Chris Combemale: It is quite difficult to have a final view because at the moment there are three versions of the legislation: the Parliament version, the Commission version and the Council of Ministers version. They all differ quite considerably on different key clauses. We think the Council of Ministers version gets a better balance between risk and principles versus being prescriptive, and in a fast-changing world things that allow risk-based principles to be incorporated are better. On issues like profiling, we think the Commission and Council versions are both better than the Parliament version because they restrict limitations on profiling to automated profiling that would have a legal effect on the person, whereas the Parliament version asks for consent to every profiling action that might be taken, which from a consumer and marketing point of view would be quite difficult. We know that consumers want relevance; they want products and services that match their purchase history. I think it is right to restrict the limitations on profile to things that have a legal effect and are automated: for instance, automatic approvals of mortgage applications without the intervention of a loan officer. It is highly sensible that you cannot make an automated decision that has a legal effect without the involvement in some way of a human being reviewing that, but the Parliament version goes too far. I do not want to take you through every key clause, but I do not think they have the balance quite right yet. The negotiations are ongoing. We don’t really know, because it is behind closed doors, exactly what the final version will be, but from what we understand we think there is movement towards a better balance than some of what existed in the parliamentary version.

 

Renate Samson: Likewise. There is still a long way to go. I am trying to get my head around it all. A lot of good and interesting conversations are taking place. I am particularly enthused to see a conversation about privacy by design or privacy by default. That is hugely important as we move along in the internet of things. Considering privacy and security at the very start of research and development does not happen now; it is often the afterthought. You have a great idea and then you think, “Oh, crumbs.

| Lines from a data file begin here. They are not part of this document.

(* Let $U=\{\xi_1,\dots,\xi_p\}\subset\mathbb{R}^k$ be finite, for $j\in\Lambda=\{1,\dots,m\}$ let $f_j:\mathbb{R}^n\times U\to\mathbb{R}$ with $x\mapsto f_j(x,\xi_i)$ continuously differentiable for each $i\in\bar\Lambda=\{1,\dots,p\}$, and let $\Phi=(\Phi_1,\dots,\Phi_m)$ with $\Phi_j(x)=\max_{i\in\bar\Lambda}f_j(x,\xi_i)$. (i) Let $\{x^k\}$ be any infinite sequence of non-critical points in $\mathbb{R}^n$ such that $\Phi(x^{k+1})\le\Phi(x^k)$ (componentwise) for all $k$. If $x^*$ is any accumulation point of $\{x^k\}$, then $\Phi(x^* )\le\Phi(x^k)$ for all $k$ and $\lim_{k\to\infty}\Phi(x^k)=\Phi(x^* )$. Moreover, $\Phi$ is constant on the set of accumulation points of $\{x^k\}$. (ii) If $\{x^k\}$ is generated by Algorithm 1 (described in the context) and has an accumulation point, then all conclusions of (i) hold for this sequence.
   Context: For vectors, $u\le v$ means componentwise. For $x\in\mathbb{R}^n$, $I_j(x)=\{i\in\bar\Lambda:f_j(x,\xi_i)=\Phi_j(x)\}$; $x^*$ is a critical point for $\Phi$ if there is no $v\in\mathbb{R}^n$ with $\nabla f_j(x^*,\xi_i)^Tv<0$ for all $j\in\Lambda$, $i\in I_j(x^* )$; otherwise it is non-critical. For $x\in\mathbb{R}^n$, let $\vartheta_x(t)=\max_{j\in\Lambda}\max_{i\in\bar\Lambda}\{f_j(x,\xi_i)+\nabla f_j(x,\xi_i)^Tt-\Phi_j(x)\}$, let $t(x)$ be the unique minimizer over $t$ of $\vartheta_x(t)+\frac12\|t\|^2$, and $\Theta(x)$ its optimal value. Algorithm 1: choose $\epsilon>0$, $\beta\in(0,1)$, $x^0\in\mathbb{R}^n$, set $k=0$. Step 2: compute $t^k=t(x^k)$ and $\Theta(x^k)$. Step 3: if $|\Theta(x^k)|<\epsilon$, stop. Step 4: let $\alpha_k$ be the largest $\alpha\in\{1/2^r:r=1,2,\dots\}$ such that for all $j$, $\Phi_j(x^k+\alpha t^k)\le\Phi_j(x^k)+\alpha\beta\big(\max_{i\in\bar\Lambda}\{f_j(x^k,\xi_i)+\nabla f_j(x^k,\xi_i)^Tt^k\}-\Phi_j(x^k)\big)$. Step 5: set $x^{k+1}=x^k+\alpha_kt^k$, $k:=k+1$, go to Step 2. *)

From HB Require Import structures.
From mathcomp Require Import all_boot all_order all_algebra.
From mathcomp Require Import all_classical all_reals all_analysis.
Set Implicit Arguments. Unset Strict Implicit. Unset Printing Implicit Defensive.
Import Order.TTheory GRing.Theory Num.Theory numFieldNormedType.Exports.
Local Open Scope ring_scope.
Local Open Scope classical_set_scope.

(* maximum of a finite nonempty family (the value 0 on the empty index type
   is a junk value, never used since the index sets are assumed nonempty) *)
Definition bmax {R : realType} {q : nat} (g : 'I_q -> R) : R :=
  match [pick i : 'I_q] with
  | Some i0 => \big[Num.max/g i0]_(i < q) g i
  | None => 0
  end.

Section Defs.
Context {R : realType} {n d p m : nat}.
Variables (xi : 'I_p -> 'rV[R]_d) (f : 'I_m -> 'rV[R]_n -> 'rV[R]_d -> R).

Definition Phi (j : 'I_m) (x : 'rV[R]_n) : R := bmax (fun i : 'I_p => f j x (xi i)).

Definition PhiV (x : 'rV[R]_n) : 'rV[R]_m := \row_j Phi j x.

(* grad f_j(x, xi_i)^T v, i.e. the differential of y |-> f_j(y, xi_i) at x applied to v *)
Definition gradv (j : 'I_m) (i : 'I_p) (x v : 'rV[R]_n) : R :=
  'd (fun y => f j y (xi i)) x v.

Definition active (j : 'I_m) (x : 'rV[R]_n) (i : 'I_p) : Prop :=
  f j x (xi i) = Phi j x.

Definition critical (x : 'rV[R]_n) : Prop :=
  ~ (exists v : 'rV[R]_n, forall j i, active j x i -> gradv j i x v < 0).

Definition noncritical (x : 'rV[R]_n) : Prop := ~ critical x.

Definition sqnorm (t : 'rV[R]_n) : R := \sum_(l < n) t ord0 l ^+ 2.

Definition vartheta (x t : 'rV[R]_n) : R :=
  bmax (fun j : 'I_m => bmax (fun i : 'I_p => f j x (xi i) + gradv j i x t - Phi j x)).

Definition subobj (x t : 'rV[R]_n) : R := vartheta x t + 2^-1 * sqnorm t.

(* t is the (unique) minimizer t(x) of the subproblem; Theta(x) = subobj x t *)
Definition is_tdir (x t : 'rV[R]_n) : Prop := forall s, subobj x t <= subobj x s.

Definition armijo (beta : R) (x t : 'rV[R]_n) (a : R) : Prop :=
  forall j, Phi j (x + a *: t) <=
    Phi j x + a * beta * (bmax (fun i : 'I_p => f j x (xi i) + gradv j i x t) - Phi j x).

(* x is an infinite sequence generated by Algorithm 1 with parameters eps, beta
   and starting point x 0 (the algorithm never stops) *)
Definition alg1_seq (eps beta : R) (x : nat -> 'rV[R]_n) : Prop :=
  exists (t : nat -> 'rV[R]_n) (alpha : nat -> R), forall k,
    [/\ is_tdir (x k) (t k),
        ~ (`|subobj (x k) (t k)| < eps),
        (exists r, (0 < r)%N /\ alpha k = (2 ^+ r)^-1) /\ armijo beta (x k) (t k) (alpha k),
        (forall r, (0 < r)%N -> armijo beta (x k) (t k) ((2 ^+ r)^-1) ->
                   (2 ^+ r)^-1 <= alpha k)
      & x k.+1 = x k + alpha k *: t k].

Definition conclusions (x : nat -> 'rV[R]_n) : Prop :=
  (forall xs, cluster (x @ \oo) xs ->
     (forall k j, Phi j xs <= Phi j (x k)) /\ ((fun k => PhiV (x k)) @ \oo --> PhiV xs))
  /\ (forall a b, cluster (x @ \oo) a -> cluster (x @ \oo) b -> PhiV a = PhiV b).

End Defs.

(* Part (i) only uses that every Phi_j is continuous, being a finite maximum of
   continuous functions, and that Phi_j(x^k) is nonincreasing in k.  As x^* is
   a cluster point, Phi_j(x^k) comes arbitrarily close to the value of Phi_j
   at x^* for arbitrarily large k; monotonicity then makes that value a lower
   bound of the whole sequence, to which the monotone sequence converges.
   Limits are unique, so Phi takes the same value at all cluster points.
   For (ii), t = 0 is admissible in the subproblem and vartheta_x(0) <= 0, so
   the minimizer satisfies vartheta_x(t(x)) <= 0.  The bracket in the Armijo
   test of Step 4 is bounded by vartheta_x(t(x)), hence every step of
   Algorithm 1 decreases each Phi_j and part (i) applies. *)
From HB Require Import structures.
From mathcomp Require Import all_boot all_order all_algebra.
From mathcomp Require Import all_classical all_reals all_analysis.
From mathcomp Require Import lra.
Import Order.TTheory GRing.Theory Num.Theory numFieldNormedType.Exports.
Local Open Scope ring_scope.
Local Open Scope classical_set_scope.

Section FiniteMax.
Context {R : realType} {q : nat}.

Lemma le_bmax (g : 'I_q -> R) i : g i <= bmax g.
Proof.
rewrite /bmax; case: pickP => [i0 _|/(_ i)//].
have : i \in index_enum 'I_q by rewrite mem_index_enum.
elim: (index_enum _) => // a r IH; rewrite inE big_cons => /orP[/eqP->|/IH h].
  by rewrite le_max lexx.
by rewrite le_max h orbT.
Qed.

Lemma bmax_attained (g : 'I_q -> R) : (0 < q)%N -> exists i, bmax g = g i.
Proof.
move=> q_gt0; rewrite /bmax; case: pickP => [i0 _|/(_ (Ordinal q_gt0))//].
apply: (big_ind (fun y => exists i, y = g i)); first by exists i0.
  by move=> _ _ [i ->] [i' ->]; case: (leP (g i) (g i')) => _; [exists i'|exists i].
by move=> i _; exists i.
Qed.

Lemma bmax_le (g : 'I_q -> R) c : (0 < q)%N -> (forall i, g i <= c) -> bmax g <= c.
Proof. by move=> q_gt0 gc; have [i ->] := bmax_attained g q_gt0. Qed.

Lemma bmax_continuous (T : topologicalType) (g : 'I_q -> T -> R) :
  (forall i, continuous (g i)) -> continuous (fun x => bmax (g^~ x)).
Proof.
move=> g_cont; rewrite /bmax; case: pickP => [i0 _|_]; last exact: cst_continuous.
elim: (index_enum _) => [|a s IH].
  rewrite [X in continuous X](_ : _ = g i0); first exact: g_cont.
  by apply/funext => x; rewrite big_nil.
rewrite [X in continuous X](_ : _ = g a \max (fun x => \big[Num.max/g i0 x]_(i <- s) g i x)).
  exact: max_fun_continuous.
by apply/funext => x; rewrite big_cons.
Qed.

End FiniteMax.

Lemma cvg_mx_entrywise {K : realFieldType} {T : Type} (F : set_system T)
    {FF : Filter F} a b (u : T -> 'M[K]_(a, b)) (l : 'M[K]_(a, b)) :
  (forall i j, (fun t => u t i j) @ F --> l i j) -> u @ F --> l.
Proof.
move=> u_cvg; apply/cvgrPdist_lt => e e_gt0.
have : \forall t \near F, forall ij : 'I_a * 'I_b,
    `|l ij.1 ij.2 - u t ij.1 ij.2| < e.
  by apply: filter_forall => -[i j]; move/cvgrPdist_lt: (u_cvg i j); apply.
apply: filterS => t near_l; change (mx_norm (l - u t) < e).
have [->//|/mx_norm_neq0 [ij ->]] := eqVneq (mx_norm (l - u t)) 0.
by rewrite !mxE; exact: near_l.
Qed.

Section NonincreasingAlongCluster.
Context {R : realType} {T : topologicalType}.
Context {u : nat -> T} {phi : T -> R} {xs : T}.
Hypotheses (phi_cont : continuous phi) (xs_cluster : cluster (u @ \oo) xs).
Hypothesis phi_u_noninc : forall k, phi (u k.+1) <= phi (u k).

Lemma cluster_frequently (A : set T) N :
  nbhs xs A -> exists2 k, (N <= k)%N & A (u k).
Proof.
move=> xsA; have [] := xs_cluster (u @` [set k | (N <= k)%N]) A _ xsA.
  by exists N => // k Nk; exists k.
by move=> _ [[k Nk <-] Auk]; exists k.
Qed.

Lemma phi_close_frequently N (e : R) : 0 < e ->
  exists2 k, (N <= k)%N & `|phi (u k) - phi xs| < e.
Proof.
move=> e_gt0; apply: (cluster_frequently [set y | `|phi y - phi xs| < e]).
have /cvgrPdist_lt/(_ e e_gt0) := phi_cont xs.
by apply: filterS => y; rewrite distrC.
Qed.

Lemma phi_u_nonincreasing {k l} : (k <= l)%N -> phi (u l) <= phi (u k).
Proof.
move=> /subnK <-; elim: (l - k)%N => // e IH.
by rewrite addSn; exact: le_trans (phi_u_noninc _) IH.
Qed.

Lemma phi_cluster_le k : phi xs <= phi (u k).
Proof.
rewrite leNgt; apply/negP; rewrite -subr_gt0 => gap_gt0.
have [l kl] := phi_close_frequently k _ gap_gt0.
by rewrite ltr_norml => /andP[+ _]; have := phi_u_nonincreasing kl; lra.
Qed.

Lemma phi_u_cvg : phi \o u @ \oo --> phi xs.
Proof.
apply/cvgrPdist_lt => e e_gt0; have [K _] := phi_close_frequently 0 _ e_gt0.
rewrite ltr_norml => /andP[_ close_K]; exists K => // l /= Kl.
have := phi_u_nonincreasing Kl; have := phi_cluster_le l.
by rewrite ltr_norml; lra.
Qed.

End NonincreasingAlongCluster.

Section PhiDescent.
Context {R : realType} {n d p m : nat}.
Variables (xi : 'I_p -> 'rV[R]_d) (f : 'I_m -> 'rV[R]_n -> 'rV[R]_d -> R).
Hypotheses (p_gt0 : (0 < p)%N) (m_gt0 : (0 < m)%N).

Lemma Phi_continuous j :
  (forall i, continuous (fun y => f j y (xi i))) -> continuous (Phi xi f j).
Proof. exact: bmax_continuous. Qed.

Lemma conclusions_of_nonincreasing (x : nat -> 'rV[R]_n) :
  (forall j i, continuous (fun y => f j y (xi i))) ->
  (forall k j, Phi xi f j (x k.+1) <= Phi xi f j (x k)) ->
  conclusions xi f x.
Proof.
move=> f_cont x_noninc; have Phi_cont j := Phi_continuous _ (f_cont j).
have PhiV_cvg xs : cluster (x @ \oo) xs ->
    (fun k => PhiV xi f (x k)) @ \oo --> PhiV xi f xs.
  move=> xs_cl; apply: cvg_mx_entrywise => i j.
  rewrite mxE; under eq_fun do rewrite mxE.
  exact: phi_u_cvg (Phi_cont j) xs_cl (x_noninc^~ j).
split=> [xs xs_cl | a b a_cl b_cl].
  split; last exact: PhiV_cvg.
  by move=> k j; exact: phi_cluster_le (Phi_cont j) xs_cl (x_noninc^~ j) k.
exact: cvg_unique (PhiV_cvg a a_cl) (PhiV_cvg b b_cl).
Qed.

Lemma sqnorm_ge0 (t : 'rV[R]_n) : 0 <= sqnorm t.
Proof. by apply: sumr_ge0 => l _; exact: sqr_ge0. Qed.

Lemma sqnorm0 : sqnorm (0 : 'rV[R]_n) = 0.
Proof. by rewrite /sqnorm big1 // => l _; rewrite mxE expr0n. Qed.

Lemma vartheta_at0_le0 x : vartheta xi f x 0 <= 0.
Proof.
apply: bmax_le => // j; apply: bmax_le => // i.
by rewrite /gradv linear0 addr0 subr_le0; exact: le_bmax.
Qed.

Lemma tdir_vartheta_le0 {x t} : is_tdir xi f x t -> vartheta xi f x t <= 0.
Proof.
move=> /(_ 0); rewrite /subobj sqnorm0 mulr0 addr0 => le_t0.
have : 0 <= 2^-1 * sqnorm t by rewrite mulr_ge0 ?invr_ge0 ?ler0n ?sqnorm_ge0.
by have := vartheta_at0_le0 x; lra.
Qed.

Lemma model_decrease_le_vartheta j x t :
  bmax (fun i => f j x (xi i) + gradv xi f j i x t) - Phi xi f j x
    <= vartheta xi f x t.
Proof.
have [i ->] := bmax_attained (fun i => f j x (xi i) + gradv xi f j i x t) p_gt0.
apply: le_trans (le_bmax _ j).
exact: (le_bmax (fun i => f j x (xi i) + gradv xi f j i x t - Phi xi f j x) i).
Qed.

Lemma armijo_descent {beta x t a} j : 0 <= beta -> 0 <= a ->
  vartheta xi f x t <= 0 -> armijo xi f beta x t a ->
  Phi xi f j (x + a *: t) <= Phi xi f j x.
Proof.
move=> beta_ge0 a_ge0 vt_le0 /(_ j) /le_trans; apply; rewrite gerDl.
apply: mulr_ge0_le0; first exact: mulr_ge0.
exact: le_trans (model_decrease_le_vartheta j x t) vt_le0.
Qed.

Lemma alg1_seq_nonincreasing eps beta x : 0 <= beta ->
  alg1_seq xi f eps beta x -> forall k j, Phi xi f j (x k.+1) <= Phi xi f j (x k).
Proof.
move=> beta_ge0 [t [alpha step]] k j.
have [t_dir _ [[r [_ alpha_eq]] arm] _ ->] := step k.
apply: armijo_descent j beta_ge0 _ (tdir_vartheta_le0 t_dir) arm.
by rewrite alpha_eq invr_ge0 exprn_ge0.
Qed.

End PhiDescent.

Theorem lemma4p4 (R : realType) (n d p m : nat)
  (xi : 'I_p -> 'rV[R]_d) (f : 'I_m -> 'rV[R]_n -> 'rV[R]_d -> R)
  (hp : (0 < p)%N) (hm : (0 < m)%N) (xi_inj : injective xi)
  (hC1 : forall j i,
      (forall x, differentiable (fun y => f j y (xi i)) x) /\
      (forall v, continuous (fun x => 'd (fun y => f j y (xi i)) x v))) :
  (* (i) *)
  (forall x : nat -> 'rV[R]_n,
      (forall k, noncritical xi f (x k)) ->
      (forall k j, Phi xi f j (x k.+1) <= Phi xi f j (x k)) ->
      conclusions xi f x)
  /\
  (* (ii) *)
  (forall (eps beta : R) (x : nat -> 'rV[R]_n),
      0 < eps -> 0 < beta < 1 ->
      alg1_seq xi f eps beta x ->
      (exists xs, cluster (x @ \oo) xs) ->
      conclusions xi f x).
Proof.
have f_cont j i : continuous (fun y => f j y (xi i)).
  by move=> y; exact: differentiable_continuous ((hC1 j i).1 y).
split=> [x _ x_noninc | eps beta x _ /andP[beta_gt0 _] x_alg _].
  exact: conclusions_of_nonincreasing.
apply: conclusions_of_nonincreasing => //.
exact: alg1_seq_nonincreasing (ltW beta_gt0) x_alg.
Qed.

This might happen.” It needs to be the first thing. It should be seen not as a negative but as an opportunity for great innovation. Security does not have to be a bad thing. Security is a good thing, so I am encouraged that it is on the agenda. Likewise, there is still a lot of discussion to go; the trial or the process is not over. I am sure it will not be 100% perfect, but we are definitely thinking more about the citizen.

 

Professor Montgomery: You made a point about care.data. I am not sure that was care.data, because care.data was never implemented, but in the piece of work Sir Nick Partridge did for the Health and Social Care Information Centre the particular thing that struck me was not that there were no governance processes in place at the initial transfer—contracts were in place—but that there was no ability to see whether contracts were being honoured. The difficulty was that if you looked just at the point of collection it looked as though it was a robust system, but in the way it was implemented we could not tell whether those agreements were honoured. We can speculate that they probably were not honoured in some cases. It is part of our thinking—just focusing on the point at which I agree or do not agree is not enough to protect my interests. There needs to be more than that.

 

 

Valerie Vaz: Can I take it a bit further? There is the idea that we have very good data protection—we have the seven pillars—but maybe the US does not have as robust a system as we do. How do you see the new regulations impacting on, say, companies that do not operate here? They may have some form of base in the EU but they are not based here. How will that impact on companies in different parts of the world?

 

Renate Samson: That is a very good question that is tricky to answer right now in light of the recent safe harbour situation. I hope conversations are taking place with regard to mutual legal assistance treaties. I understand there are provisions in the conversations about the new data regulations that will look at the US and organisations who engage with Europe. It is being discussed, but I am not in a position to be able to expand on that.